• [What to produce] When you reach the line with "Implicit Types x" in the data below, begin printing lines exactly, and stop once the line with "y \in F -> all" has been printed.

── Exercise inputs

(* Let $n$ be a positive integer and let $\mathcal F$ be an $\mathcal N$-saturated family of subsets of $[n]$. Let $A'\subseteq[n]$ with $A'\notin\mathcal F$, and suppose there exists $A\in\mathcal F$ with $A'\subset A$, and that $A'$ is a maximal element of some induced copy of $\mathcal N$ in $\mathcal F\cup\{A'\}$. Then there exists an induced copy of $\mathcal N$ in $\mathcal F\cup\{A'\}$ in which $A'$ is a maximal element and the other maximal element is a subset of $A$.
   Context: The poset $\mathcal N$ has four elements $a,b,c,d$ with $a<c$, $b<c$, $b<d$ and no other comparabilities (so $a,b$ are its minimal elements and $c,d$ its maximal elements). A family $\mathcal Q$ of sets (ordered by inclusion) contains an induced copy of $\mathcal N$ if there are distinct sets in $\mathcal Q$ whose inclusion relations are exactly those of $a,b,c,d$ above. A family $\mathcal F$ of subsets of $[n]=\{1,\dots,n\}$ is $\mathcal N$-saturated if $\mathcal F$ contains no induced copy of $\mathcal N$, but for every $S\subseteq[n]$ with $S\notin\mathcal F$, the family $\mathcal F\cup\{S\}$ contains an induced copy of $\mathcal N$. *)

From mathcomp Require Import all_boot.
Set Implicit Arguments. Unset Strict Implicit. Unset Printing Implicit Defensive.

Definition comparableS (n : nat) (x y : {set 'I_n}) : bool :=
  (x \subset y) || (y \subset x).

Definition inducedN (n : nat) (a b c d : {set 'I_n}) : Prop :=
  [/\ uniq [:: a; b; c; d],
      a \proper c, b \proper c, b \proper d &
      [/\ ~~ comparableS a b, ~~ comparableS a d & ~~ comparableS c d]].

(* Q contains an induced copy of N with sets a,b,c,d (c,d maximal). *)
Definition copyN (n : nat) (Q : {set {set 'I_n}}) (a b c d : {set 'I_n}) : Prop :=
  [/\ a \in Q, b \in Q, c \in Q, d \in Q & inducedN a b c d].

Definition containsN (n : nat) (Q : {set {set 'I_n}}) : Prop :=
  exists a b c d, copyN Q a b c d.

Definition N_saturated (n : nat) (F : {set {set 'I_n}}) : Prop :=
  ~ containsN F /\ forall S : {set 'I_n}, S \notin F -> containsN (S |: F).

From mathcomp Require Import all_boot.

(* If A' plays c in the copy (a, b, A', d), then d ⊆ A, for otherwise
   (a, b, A, d) would be a copy of N inside F.  If A' plays d, then a ⊆ A for
   the same reason, and c may be replaced by the intersection Z of all members
   of F containing a and b, which satisfies a ∪ b ⊆ Z ⊆ c ∩ A.  It remains to
   see that Z ∈ F.  This holds for the intersection Z of the members of F above
   any subfamily s of F: a copy of N in Z |: F must use Z, and Z can then be
   replaced by a member of s (if Z is minimal in the copy) or by a member of F
   above s (if Z is maximal), giving a copy of N inside F.  So adding Z creates
   no copy of N, and saturation forces Z ∈ F. *)

Set Implicit Arguments.
Unset Strict Implicit.
Unset Printing Implicit Defensive.

Lemma mem_setU1_neq (T : finType) (X y : T) (F : {set T}) :
  y \in X |: F -> y != X -> y \in F.
Proof. by case/setU1P => [-> | //]; rewrite eqxx. Qed.

Lemma nsubsetWl (T : finType) (x y z : {set T}) :
  x \subset y -> ~~ (x \subset z) -> ~~ (y \subset z).
Proof. by move=> xy; apply: contra; apply: subset_trans. Qed.

Lemma nsubsetWr (T : finType) (x y z : {set T}) :
  y \subset z -> ~~ (x \subset z) -> ~~ (x \subset y).
Proof. by move=> yz; apply: contra => /subset_trans; apply. Qed.

Section InducedN.

Variable n : nat.
Implicit Types a b c d x y : {set 'I_n}.

Lemma inducedNE a b c d : inducedN a b c d <->
  [/\ [/\ a \proper c, b \proper c & b \proper d],
      [/\ ~~ (a \subset b), ~~ (b \subset a) & ~~ (a \subset d)] &
      [/\ ~~ (d \subset a), ~~ (c \subset d) & ~~ (d \subset c)]].
Proof.
split.
  case=> _ -> -> ->; rewrite /comparableS !negb_or.
  by case=> /andP[-> ->] /andP[-> ->] /andP[-> ->].
case=> [[ac bc bd] [nab nba nad] [nda ncd ndc]].
have nsub_neq x y : ~~ (x \subset y) -> x != y by apply: contraNneq => ->.
have proper_neq x y : x \proper y -> x != y by rewrite properEneq => /andP[].
split; rewrite /comparableS ?negb_or ?nab ?nba ?nad ?nda ?ncd ?ndc //=.
by rewrite !inE !negb_or (nsub_neq _ _ nab) (nsub_neq _ _ nad) (nsub_neq _ _ ncd)
  !proper_neq.
Qed.

Lemma inducedN_neq a b c d : inducedN a b c d ->
  [/\ a != b, a != c, a != d & [/\ b != c, b != d & c != d]].
Proof.
case=> /= + _ _ _ _; rewrite !inE !negb_or.
by case/and4P => /and3P[-> -> ->] /andP[-> ->] -> _.
Qed.

Lemma inducedN_shrink_a a b c d x :
  x \subset a -> ~~ (x \subset d) -> inducedN a b c d -> inducedN x b c d.
Proof.
move=> xa nxd /inducedNE[[ac bc bd] [nab nba nad] [nda ncd ndc]].
apply/inducedNE; split; split=> //.
- exact: sub_proper_trans xa ac.
- exact: nsubsetWr (proper_sub bd) nxd.
- exact: nsubsetWr xa nba.
- exact: nsubsetWr xa nda.
Qed.

Lemma inducedN_shrink_b a b c d x :
  x \subset b -> ~~ (x \subset a) -> inducedN a b c d -> inducedN a x c d.
Proof.
move=> xb nxa /inducedNE[[ac bc bd] [nab nba nad] [nda ncd ndc]].
apply/inducedNE; split; split=> //.
- exact: sub_proper_trans xb bc.
- exact: sub_proper_trans xb bd.
- exact: nsubsetWr xb nab.
Qed.

Lemma inducedN_shrink_c a b c d x :
  a \subset x -> b \subset x -> x \subset c ->
  inducedN a b c d -> inducedN a b x d.
Proof.
move=> ax bx xc /inducedNE[[ac bc bd] [nab nba nad] [nda ncd ndc]].
apply/inducedNE; split; split=> //.
- by rewrite properE ax; exact: nsubsetWl bx nba.
- by rewrite properE bx; exact: nsubsetWl ax nab.
- exact: nsubsetWl ax nad.
- exact: nsubsetWr xc ndc.
Qed.

Lemma inducedN_grow_c a b c d y :
  c \subset y -> ~~ (d \subset y) -> inducedN a b c d -> inducedN a b y d.
Proof.
move=> cy ndy /inducedNE[[ac bc bd] [nab nba nad] [nda ncd ndc]].
apply/inducedNE; split; split=> //.
- exact: proper_sub_trans ac cy.
- exact: proper_sub_trans bc cy.
- exact: nsubsetWl cy ncd.
Qed.

Lemma inducedN_grow_d a b c d y :
  d \subset y -> ~~ (a \subset y) -> inducedN a b c d -> inducedN a b c y.
Proof.
move=> dy nay /inducedNE[[ac bc bd] [nab nba nad] [nda ncd ndc]].
apply/inducedNE; split; split=> //.
- exact: proper_sub_trans bd dy.
- exact: nsubsetWl dy nda.
- exact: nsubsetWl (proper_sub ac) nay.
- exact: nsubsetWl dy ndc.
Qed.

End InducedN.

Definition hull (T : finType) (F : {set {set T}}) (s : seq {set T}) : {set T} :=
  \bigcap_(y in F | all (fun x : {set T} => x \subset y) s) y.

Section Hull.

Variables (T : finType) (F : {set {set T}}) (s : seq {set T}).
Implicit Types x y z : {set T}.

Lemma sub_hull x : x \in s -> x \subset hull F s.
Proof. by move=> xs; apply/bigcapsP => y /andP[_ /allP]; apply. Qed.

Lemma hull_min y :
  y \in F -> all (fun x : {set T} => x \subset y) s -> hull F s \subset y.
Proof. by move=> yF ys; apply: bigcap_inf; rewrite yF. Qed.

Lemma hull_witness z : ~~ (z \subset hull F s) ->
  exists2 y, y \in F & all (fun x : {set T} => x \subset y) s && ~~ (z \subset y).
Proof.
move=> nzh; apply/exists_inP; apply: contraR nzh => /exists_inPn noy.
by apply/bigcapsP => y /andP[yF ys]; move: (noy y yF); rewrite ys negbK.
Qed.

End Hull.

Section NFree.

Variables (n : nat) (F : {set {set 'I_n}}).
Hypothesis NF : ~ containsN F.
Implicit Types a b c d y : {set 'I_n}.

Lemma no_inducedN a b c d :
  a \in F -> b \in F -> c \in F -> d \in F -> ~ inducedN a b c d.
Proof. by move=> aF bF cF dF abcd; apply: NF; exists a, b, c, d. Qed.

Lemma above_c_above_d a b c d y : a \in F -> b \in F -> d \in F -> y \in F ->
  c \subset y -> inducedN a b c d -> d \subset y.
Proof.
move=> aF bF dF yF cy abcd; apply/negPn/negP => ndy.
exact: no_inducedN aF bF yF dF (inducedN_grow_c cy ndy abcd).
Qed.

Lemma above_d_above_a a b c d y : a \in F -> b \in F -> c \in F -> y \in F ->
  d \subset y -> inducedN a b c d -> a \subset y.
Proof.
move=> aF bF cF yF dy abcd; apply/negPn/negP => nay.
exact: no_inducedN aF bF cF yF (inducedN_grow_d dy nay abcd).
Qed.

Variable s : seq {set 'I_n}.
Hypothesis sF : all (mem F) s.
Local Notation Z := (hull F s).

Lemma no_inducedN_hull_a b c d : b \in F -> c \in F -> d \in F -> ~ inducedN Z b c d.
Proof.
move=> bF cF dF Zbcd; have /inducedNE[_ [_ _ nZd] _] := Zbcd.
apply: (negP nZd); apply: hull_min => //; apply/allP => x xs.
apply/negPn/negP => nxd.
have xF : x \in F := allP sF x xs.
exact: no_inducedN xF bF cF dF (inducedN_shrink_a (sub_hull F xs) nxd Zbcd).
Qed.

Lemma no_inducedN_hull_b a c d : a \in F -> c \in F -> d \in F -> ~ inducedN a Z c d.
Proof.
move=> aF cF dF aZcd; have /inducedNE[_ [_ nZa _] _] := aZcd.
apply: (negP nZa); apply: hull_min => //; apply/allP => x xs.
apply/negPn/negP => nxa.
have xF : x \in F := allP sF x xs.
exact: no_inducedN aF xF cF dF (inducedN_shrink_b (sub_hull F xs) nxa aZcd).
Qed.

Lemma no_inducedN_hull_c a b d : a \in F -> b \in F -> d \in F -> ~ inducedN a b Z d.
Proof.
move=> aF bF dF abZd; have /inducedNE[_ _ [_ _ ndZ]] := abZd.
have [y yF /andP[ys ndy]] := hull_witness ndZ.
exact: no_inducedN aF bF yF dF (inducedN_grow_c (hull_min yF ys) ndy abZd).
Qed.

Lemma no_inducedN_hull_d a b c : a \in F -> b \in F -> c \in F -> ~ inducedN a b c Z.
Proof.
move=> aF bF cF abcZ; have /inducedNE[_ [_ _ naZ] _] := abcZ.
have [y yF /andP[ys nay]] := hull_witness naZ.
exact: no_inducedN aF bF cF yF (inducedN_grow_d (hull_min yF ys) nay abcZ).
Qed.

Lemma hull_setU1_Nfree : ~ containsN (Z |: F).
Proof.
move=> [a [b [c [d [ha hb hc hd abcd]]]]].
have [nab nac nad [nbc nbd ncd]] := inducedN_neq abcd.
have inF y : y \in Z |: F -> y != Z -> y \in F := @mem_setU1_neq _ _ _ _.
have [aZ | /(inF _ ha) aF] := eqVneq a Z.
  by subst a; apply: no_inducedN_hull_a abcd; apply: inF; rewrite // eq_sym.
have [bZ | /(inF _ hb) bF] := eqVneq b Z.
  by subst b; apply: no_inducedN_hull_b abcd; apply: inF; rewrite // eq_sym.
have [cZ | /(inF _ hc) cF] := eqVneq c Z.
  by subst c; apply: no_inducedN_hull_c abcd; apply: inF; rewrite // eq_sym.
have [dZ | /(inF _ hd) dF] := eqVneq d Z.
  by subst d; apply: no_inducedN_hull_d abcd.
exact: no_inducedN aF bF cF dF abcd.
Qed.

End NFree.

Lemma hull_mem (n : nat) (F : {set {set 'I_n}}) (s : seq {set 'I_n}) :
  N_saturated F -> all (mem F) s -> hull F s \in F.
Proof.
case=> NF saturated sF; apply/negPn/negP => /saturated.
exact: hull_setU1_Nfree.
Qed.

Theorem lemma3p1 (n : nat) (F : {set {set 'I_n}}) (A' A : {set 'I_n}) :
  0 < n ->
  N_saturated F ->
  A' \notin F ->
  A \in F -> A' \proper A ->
  (exists a b c d, copyN (A' |: F) a b c d /\ (c = A' \/ d = A')) ->
  exists a b c d, copyN (A' |: F) a b c d /\
    ((c = A' /\ d \subset A) \/ (d = A' /\ c \subset A)).
Proof.
move=> _ satF _ AF /proper_sub A'A [a [b [c [d [[ha hb hc hd abcd] cdA']]]]].
have [NF _] := satF; case: cdA' => [cA' | dA'].
  subst c; have [_ naA' _ [nbA' _ nA'd]] := inducedN_neq abcd.
  have aF := mem_setU1_neq ha naA'; have bF := mem_setU1_neq hb nbA'.
  have dF : d \in F by apply: (mem_setU1_neq hd); rewrite eq_sym.
  exists a, b, A', d; split; first by split.
  left; split=> //; exact: (above_c_above_d NF aF bF dF AF A'A abcd).
subst d; have [_ _ naA' [_ nbA' ncA']] := inducedN_neq abcd.
have aF := mem_setU1_neq ha naA'; have bF := mem_setU1_neq hb nbA'.
have cF := mem_setU1_neq hc ncA'.
have /inducedNE[[/proper_sub ac /proper_sub bc /proper_sub bA'] _ _] := abcd.
have aA : a \subset A := (above_d_above_a NF aF bF cF AF A'A abcd).
set Z := hull F [:: a; b].
have ZF : Z \in F by apply: hull_mem; rewrite //= aF bF.
have aZ : a \subset Z by apply: sub_hull; rewrite mem_head.
have bZ : b \subset Z by apply: sub_hull; rewrite !inE eqxx orbT.
exists a, b, Z, A'; split.
  split; rewrite ?setU11 ?setU1r //.
  by apply: inducedN_shrink_c aZ bZ _ abcd; apply: hull_min; rewrite //= ac bc.
by right; split=> //; apply: hull_min; rewrite //= aA (subset_trans bA' A'A).
Qed.
Lemma not_cyclic_parity_ext_3_2 (C : {set Z2Z4 3 2}) (i : 'I_4) :
  additive_code C -> perfect_code C -> ~ cyclic_code (parity_ext i C).
Proof.
move=> [C_zero [_ C_opp]] C_perfect C'_cyclic.
pose x1 : 'rV['Z_4]_2 := \row_j [:: 1; 1]`_j.
pose x2 : 'rV['Z_4]_2 := \row_j [:: 1; -1]`_j.
have x1_wt2 : wL x1 = 2%N by rewrite /wL !big_ord_recl big_ord0 !mxE.
have x2_wt2 : wL x2 = 2%N by rewrite /wL !big_ord_recl big_ord0 !mxE.
have [a1 [a1_wt1 a1C]] := wL2_partner C_perfect C'_cyclic (erefl 2%N) C_zero x1_wt2.
have [a2 [a2_wt1 a2C]] := wL2_partner C_perfect C'_cyclic (erefl 2%N) C_zero x2_wt2.
have a1'C : (a1, cshift x1) \in C.
  by congr (_ \in C): a1C; congr pair; apply/rowP => -[[|[|?]] ?]; rewrite !mxE.
have a2'C : (a2, cshift x2) \in C.
  congr (_ \in C): (C_opp _ a2C); congr pair; apply/rowP => j; rewrite !mxE.
    exact: (oppr_pchar2 Z2_pchar).
  by case: j => -[|[|?]] ?; apply: val_inj.
have a12 : a1 != a2.
  by apply: (perfect_code_Z2_neq C_perfect a1C a2C); rewrite /wL !big_ord_recl big_ord0 !mxE.
apply: (negP a12); apply/eqP; apply: (@ins_bit_inj _ i 1).
have alt1 := pext_weight3_alternating C_perfect C'_cyclic a1C a1'C a1_wt1 x1_wt2.
have alt2 := pext_weight3_alternating C_perfect C'_cyclic a2C a2'C a2_wt1 x2_wt2.
by apply: (cshift_addC_inj alt1 alt2 (j := i)); rewrite !mxE unlift_none.
Qed.

Local Close Scope ring_scope.

Theorem lemma4p1 (r t : nat) :
  (r, t) = (2, 3) \/ (r, t) = (2, 4) ->
  forall (C : {set Z2Z4 (2 ^ r - 1) (2 ^ (t - 1) - 2 ^ (r - 1))})
         (i : 'I_(2 ^ r - 1).+1),
  additive_code C -> perfect_code C ->
  ~ cyclic_code (parity_ext i C).
Proof.
case=> [[-> ->]|[-> ->]] C i.
  exact: not_cyclic_parity_ext_3_2.
exact: not_cyclic_parity_ext_3_6.
Qed.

────

• [Answer section]
Implicit Types x y z : {set T}.

Lemma sub_hull x : x \in s -> x \subset hull F s.
Proof. by move=> xs; apply/bigcapsP => y /andP[_ /allP]; apply. Qed.

Lemma hull_min y :
  y \in F -> all (fun x : {set T} => x \subset y) s -> hull F s \subset y.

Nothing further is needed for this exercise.